Abstract: Proteins are incredibly useful in medicine and industrial chemistry. Many of the most recent breakthroughs in cancer therapy are based on monoclonal antibody treatments. Yet, there are major difficulties that can act as deterrents in developments of such therapies. Sustained subcutaneous, oral or pulmonary deliveries of such therapeutics are limited by the poor stability, short half-life, and non-specific interactions between the therapeutic biomolecules (e.g. antibody) and the delivery vehicle. Similarly, usage of proteins as enzymes in processes is limited by poor stability, short half-life, and difficulties with reusability. With growing usage of proteins as pharmaceuticals and biocatalysts, and apparent shortcomings in both fields, there is a growing need to design materials that are protein compatible and can improve protein stability. The key to successfully utilizing proteins as therapeutics, biocatalysts or biosensors is to maintain their conformation and function. There is emerging evidence that biomimetic, biocompatible zwitterionic polymers can prevent non-specific interactions within proteins systems and increase protein stability. For the purpose of protein delivery, a biodegradable zwitterionic poly(carboxybetaine) based microscale hydrogel (microgel) was synthesized.

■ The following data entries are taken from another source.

(* Let $N=\{1,\ldots,n\}$, $\mathcal{X}=\{-1,1\}^n$, and let $P\subseteq\Delta(\mathcal{X})$ be the convex hull of a finite set $\{p_j\}_{j\in M}\subsetneq\Delta(\mathcal{X})$, where $M=\{1,\ldots,m\}$. Then: (1) A deterministic voting rule $\phi$ is $P$-robust if and only if there exists a nonzero $w\in\mathbb{R}_+^n$ such that $$\frac{\sum_{i\in N} w_i r_i(\phi,p_j)}{\sum_{i\in N} w_i}>\frac12\quad\text{for all } j\in M.$$ In particular, a deterministic voting rule is robust (i.e. $\Delta(\mathcal{X})$-robust) if and only if it is a weighted majority rule with nonnegative weights such that there are no ties. (2) A deterministic voting rule $\phi$ is weakly $P$-robust if and only if there exists a nonzero $w\in\mathbb{R}_+^n$ such that $$\frac{\sum_{i\in N} w_i r_i(\phi,p_j)}{\sum_{i\in N} w_i}\geq\frac12\quad\text{for all } j\in M.$$ In particular, a deterministic voting rule is weakly robust (i.e. weakly $\Delta(\mathcal{X})$-robust) if and only if it is a weighted majority rule with nonnegative weights.
   Context: A deterministic voting rule is a map $\phi:\mathcal{X}\to\{-1,1\}$. $\Delta(\mathcal{X})$ is the set of probability distributions on $\mathcal{X}$. For $p\in\Delta(\mathcal{X})$, the responsiveness of individual $i$ is $r_i(\phi,p)=p(\{x:\phi(x)=x_i\})$. For $P\subseteq\Delta(\mathcal{X})$, $\phi$ is $P$-robust if for every $p\in P$ there is at least one $i\in N$ with $r_i(\phi,p)>1/2$; $\phi$ is weakly $P$-robust if for every $p\in P$ there is at least one $i\in N$ with $r_i(\phi,p)\geq 1/2$. A weighted majority rule (WMR) with nonzero weight vector $w\in\mathbb{R}^n$ is a rule with $\phi(x)=1$ whenever $\sum_iw_ix_i>0$ and $\phi(x)=-1$ whenever $\sum_iw_ix_i<0$ (ties $\sum_iw_ix_i=0$ resolved arbitrarily); it has no ties if $\sum_iw_ix_i\neq0$ for all $x\in\mathcal{X}$. *)

From HB Require Import structures.
From mathcomp Require Import all_boot all_order all_algebra.
From mathcomp Require Import reals.
Set Implicit Arguments. Unset Strict Implicit. Unset Printing Implicit Defensive.
Import Order.TTheory GRing.Theory Num.Theory.
Local Open Scope ring_scope.

(* X = {-1,1}^n, encoded as boolean vectors: true <-> +1, false <-> -1. *)
Definition profile (n : nat) := {ffun 'I_n -> bool}.

Definition vote {R : realType} (b : bool) : R := if b then 1 else -1.

Definition rule (n : nat) := profile n -> bool.

Definition is_distr {R : realType} {n : nat} (p : profile n -> R) : Prop :=
  (forall x, 0 <= p x) /\ \sum_(x : profile n) p x = 1.

Definition resp {R : realType} {n : nat} (phi : rule n) (p : profile n -> R)
  (i : 'I_n) : R := \sum_(x : profile n | phi x == x i) p x.

Definition P_robust {R : realType} {n : nat} (P : (profile n -> R) -> Prop)
  (phi : rule n) : Prop :=
  forall p, P p -> exists i : 'I_n, 1 / 2 < resp phi p i.

Definition weakly_P_robust {R : realType} {n : nat}
  (P : (profile n -> R) -> Prop) (phi : rule n) : Prop :=
  forall p, P p -> exists i : 'I_n, 1 / 2 <= resp phi p i.

Definition conv_hull {R : realType} {n m : nat} (ps : 'I_m -> profile n -> R)
  (q : profile n -> R) : Prop :=
  exists lam : 'I_m -> R,
    (forall j, 0 <= lam j) /\ \sum_(j < m) lam j = 1 /\
    (forall x, q x = \sum_(j < m) lam j * ps j x).

Definition wsum {R : realType} {n : nat} (w : 'I_n -> R) (x : profile n) : R :=
  \sum_(i < n) w i * vote (x i).

Definition is_WMR {R : realType} {n : nat} (w : 'I_n -> R) (phi : rule n) : Prop :=
  (exists i, w i != 0) /\
  (forall x, (0 < wsum w x -> phi x = true) /\ (wsum w x < 0 -> phi x = false)).

Definition no_ties {R : realType} {n : nat} (w : 'I_n -> R) : Prop :=
  forall x : profile n, wsum w x != 0.

Definition nonneg_weights {R : realType} {n : nat} (w : 'I_n -> R) : Prop :=
  forall i, 0 <= w i.

Definition nonneg_nonzero {R : realType} {n : nat} (w : 'I_n -> R) : Prop :=
  nonneg_weights w /\ exists i, w i != 0.

Definition avg_resp {R : realType} {n : nat} (w : 'I_n -> R) (phi : rule n)
  (p : profile n -> R) : R :=
  (\sum_(i < n) w i * resp phi p i) / (\sum_(i < n) w i).

From HB Require Import structures.
From mathcomp Require Import all_boot all_order all_algebra.
From mathcomp Require Import reals.
From mathcomp Require Import ring lra.
From Stdlib Require Import Classical.
Set Implicit Arguments. Unset Strict Implicit. Unset Printing Implicit Defensive.
Import Order.TTheory GRing.Theory Num.Theory.
Local Open Scope ring_scope.

(* Responsiveness r_i(phi, p) is linear in p, so on the convex hull of the
   p_j the weighted margin sum_i w_i (r_i - 1/2) is a convex combination of its
   values at the vertices.  Robustness says that no point q of the hull has
   r_i(q) <= 1/2 (resp. < 1/2) for every voter i; clearing denominators, this
   is the infeasibility of a homogeneous linear system in the mixing weights,
   and Ville's theorem of the alternative (proved by Fourier-Motzkin
   elimination) turns it into a nonnegative weight vector w whose margin is
   positive at every p_j; the weak case applies the alternative to the
   transposed system.  For P = Delta(X) the vertices are the point masses at
   profiles x, where the margin is vote(phi x) * (sum_i w_i x_i) / 2, so the
   condition says exactly that phi is a weighted majority rule (without
   ties). *)

Lemma psumr_gt0 (R : numDomainType) (I : finType) (F : I -> R) i :
  (forall j, 0 <= F j) -> 0 < F i -> 0 < \sum_j F j.
Proof.
move=> F_ge0 Fi_gt0; rewrite lt_def sumr_ge0 // andbT psumr_neq0 //.
by apply/hasP; exists i; rewrite ?mem_index_enum.
Qed.

Lemma sum_mul_subr (R : pzRingType) (I : finType) (a b : I -> R) c :
  \sum_i a i * (b i - c) = \sum_i a i * b i - (\sum_i a i) * c.
Proof. by rewrite mulr_suml -sumrB; apply: eq_bigr => i _; rewrite mulrBr. Qed.

Lemma sum_nat_eq_mul (R : pzSemiRingType) (I : finType) (P : pred I) (F : I -> R) j :
  P j -> \sum_(i | P i) (j == i)%:R * F i = F j.
Proof.
move=> Pj; rewrite (bigD1 j) //= eqxx mul1r big1 ?addr0 // => i /andP[_ ne_ij].
by rewrite eq_sym (negbTE ne_ij) mul0r.
Qed.
(* At most one element of [S] can have weight below [1/2]. *)
Lemma sum_pairwise_ge1 (S : pred T) :
  (forall a b, S a -> S b -> a != b -> 1 <= g a + g b) ->
  (#|S|%:R - 1) / 2 <= \sum_(z | S z) g z.
Proof.
move=> pair_ge1.
have half_sum (P : pred T) : (forall z, P z -> 1 / 2 <= g z) ->
    #|P|%:R / 2 <= \sum_(z | P z) g z.
  move=> P_ge; apply: le_trans (ler_sum _ P_ge).
  by rewrite sumr_const -[1 / 2 *+ _]mulr_natl mul1r.
case: (boolP [exists a, S a && (g a < 1 / 2)]) => [/existsP [a /andP[Sa ga]]|].
  rewrite (bigD1 a) //= (cardD1x Sa) natrD.
  have ge_half z : S z && (z != a) -> 1 / 2 <= g z.
    case/andP=> Sz za; have := pair_ge1 a z Sa Sz; rewrite eq_sym za => /(_ isT).
    lra.
  have := half_sum _ ge_half; have := g_ge0 a; lra.
move/existsPn=> none_small.
have ge_half z : S z -> 1 / 2 <= g z.
  by move=> Sz; have := none_small z; rewrite Sz /= -leNgt.
have := half_sum _ ge_half; lra.
Qed.
End Sums.

Section FractionalDimension.
Variables (R : realType) (G : graph).
Implicit Types (g : gV G -> R) (x y : gV G).

Lemma resolving_fun_ge0 g : resolving_fun g -> forall z, 0 <= g z.
Proof. by case=> g01 _ z; case/andP: (g01 z). Qed.

Lemma resolving_fun1 : resolving_fun (fun _ : gV G => 1 : R).
Proof.
split=> [z|x y xy]; first by rewrite ler01 lexx.
by apply: (ler_term_sum (fun=> ler01) (z := x)); rewrite distxx eq_sym dist_eq0 eq_sym.
Qed.

Lemma dimf_le_sum g : resolving_fun g -> dimf R G <= \sum_z g z.
Proof.
move=> g_res; apply: ge_inf; last by exists g.
by exists 0 => _ [h [h_res ->]]; apply: sumr_ge0 => z _; apply: resolving_fun_ge0.
Qed.

Lemma le_dimf (a : R) :
  (forall g, resolving_fun g -> a <= \sum_z g z) -> a <= dimf R G.
Proof.
move=> lb; apply: lb_le_inf; last by move=> _ [g [g_res ->]]; apply: lb.
by exists (\sum_(z : gV G) 1), (fun _ => 1); split=> //; apply: resolving_fun1.
Qed.

Lemma dimf_ge1 x y : x != y -> 1 <= dimf R G.
Proof.
move=> xy; apply: le_dimf => g g_res; apply: le_trans (g_res.2 x y xy) _.
exact/ler_sum_pred/resolving_fun_ge0.
Qed.

Lemma resolving_fun_twins g a b : resolving_fun g -> a != b ->
  (forall z, z != a -> z != b -> dist a z = dist b z) -> 1 <= g a + g b.
Proof.
move=> g_res ab twins; apply: le_trans (g_res.2 a b ab) _.
have dist_ab : dist a a != dist b a by rewrite distxx eq_sym dist_eq0 eq_sym.
rewrite (bigD1 a) //= (bigD1 b) /=; last by rewrite distxx dist_eq0 ab eq_sym.
rewrite big1 ?addr0 // => z /andP[/andP[dz za] zb].
by move: dz; rewrite twins ?eqxx.
Qed.

End FractionalDimension.

Lemma exp2_gt_linear m : exists t, (m * t.+1 < 2 ^ t)%N.
Proof.
exists (4 * m + 4)%N.
have a_lt := ltn_expl (2 * m + 2) (isT : (1 < 2)%N).
have -> : (4 * m + 4 = (2 * m + 2) + (2 * m + 2))%N by lia.
rewrite expnD.
move: (2 ^ (2 * m + 2))%N a_lt => X a_lt.
have : ((2 * m + 3) * (2 * m + 3) <= X * X)%N by apply: leq_mul; lia.
lia.
Qed.

Section Construction.
Variable t : nat.

Definition cone_vertex : finType := (unit + ('I_t + {set 'I_t}))%type.

Definition apex : cone_vertex := inl tt.

Definition star_adj (x y : cone_vertex) : bool :=
  match x, y with
  | inl _, inr _ | inr _, inl _ => true
  | _, _ => false
  end.

Definition incidence_adj (x y : cone_vertex) : bool :=
  match x, y with
  | inr (inl s), inr (inr A) | inr (inr A), inr (inl s) => s \in A
  | _, _ => false
  end.

Definition cone_adj (x y : cone_vertex) : bool := star_adj x y || incidence_adj x y.

Lemma star_adj_sym : symmetric star_adj.
Proof. by move=> [[]|[s|A]] [[]|[s'|B]]. Qed.

Lemma star_adj_irr : irreflexive star_adj.
Proof. by move=> [[]|[s|A]]. Qed.

Lemma cone_adj_sym : symmetric cone_adj.
Proof. by move=> [[]|[s|A]] [[]|[s'|B]]. Qed.

Lemma cone_adj_irr : irreflexive cone_adj.
Proof. by move=> [[]|[s|A]]. Qed.

Definition star_graph : graph := Graph star_adj_sym star_adj_irr.
Definition incidence_cone : graph := Graph cone_adj_sym cone_adj_irr.

Lemma star_apex_dominating (z : gV star_graph) :
  z != apex -> adj (apex : gV star_graph) z.
Proof. by case: z => [[]|[s|A]]; rewrite ?eqxx. Qed.

Lemma cone_apex_dominating (z : gV incidence_cone) :
  z != apex -> adj (apex : gV incidence_cone) z.
Proof. by case: z => [[]|[s|A]]; rewrite ?eqxx. Qed.

Lemma star_subgraph_cone : subgraph star_graph incidence_cone.
Proof. by exists id; split=> // x y; rewrite /= /cone_adj => ->. Qed.

Lemma card_cone_vertex : #|cone_vertex| = (1 + (t + 2 ^ t))%N.
Proof.
by rewrite !card_sum card_unit card_ord -cardsT -powersetT card_powerset cardsT card_ord.
Qed.

End Construction.

Section Dimensions.
Variables (R : realType) (t : nat).

Definition point_weight (z : cone_vertex t) : R := if z is inr (inr _) then 0 else 1.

The resulting microgels were characterized via FTIR, diffusion NMR, SANS, and cell culture studies. We examined a novel post-fabrication technique that resulted in effective loading of IgG in the microgels. The released antibodies (especially from the high crosslinked microgels) proved to be completely active and able to bind with antibody receptors. Furthermore, for the purpose of protein immobilization, reaction a scheme was developed and studied for covalent immobilization of the protein (α-chymotrypsin) (ChT) within the zwitterionic microscale hydrogels. This research paves the way for designing protein delivery vectors as well as fabrication of enzyme immobilized materials with extended enzyme lifetime and activity.

Bio: Dr. Clint P. Aichele is an Associate Professor and Lew Ward Faculty Fellow in the School of Chemical Engineering at Oklahoma State University. Dr. Aichele’s research is in the area of colloids and interfacial phenomena with specific applications in gas/liquid separation, emulsions, enhanced oil recovery, distillation, and flow assurance. His work specifically focuses on engineering interfaces to solve separation challenges in complex fluids. Dr. Aichele received his B.S. in Chemical Engineering from OSU in 2004 and Ph.D. from Rice University in 2009. Dr. Aichele worked at ConocoPhillips as a Research Engineer for 3 years in the CO2 Capture and Avoidance group prior to joining the faculty at Oklahoma State University.


Professor Zhenan Bao

Our next Chemistry Seminar Speaker of our Spring Series is Professor Zhenan Bao, K.K. Lee Professor and Department Chair in the Department of Chemical Engineering, Standford University. Professor Bao is also a Courtesy Professor in the Department of Chemistry and Department of Materials Science and Engineering while also holding the title of Director of Stanford Wearable Electronics Initiative (eWEAR). Professor Bao will be speaking on “Skin-Inspired Organic Electronics.” The seminar will start at 3:00 pm, Friday, March 19th, via Zoom.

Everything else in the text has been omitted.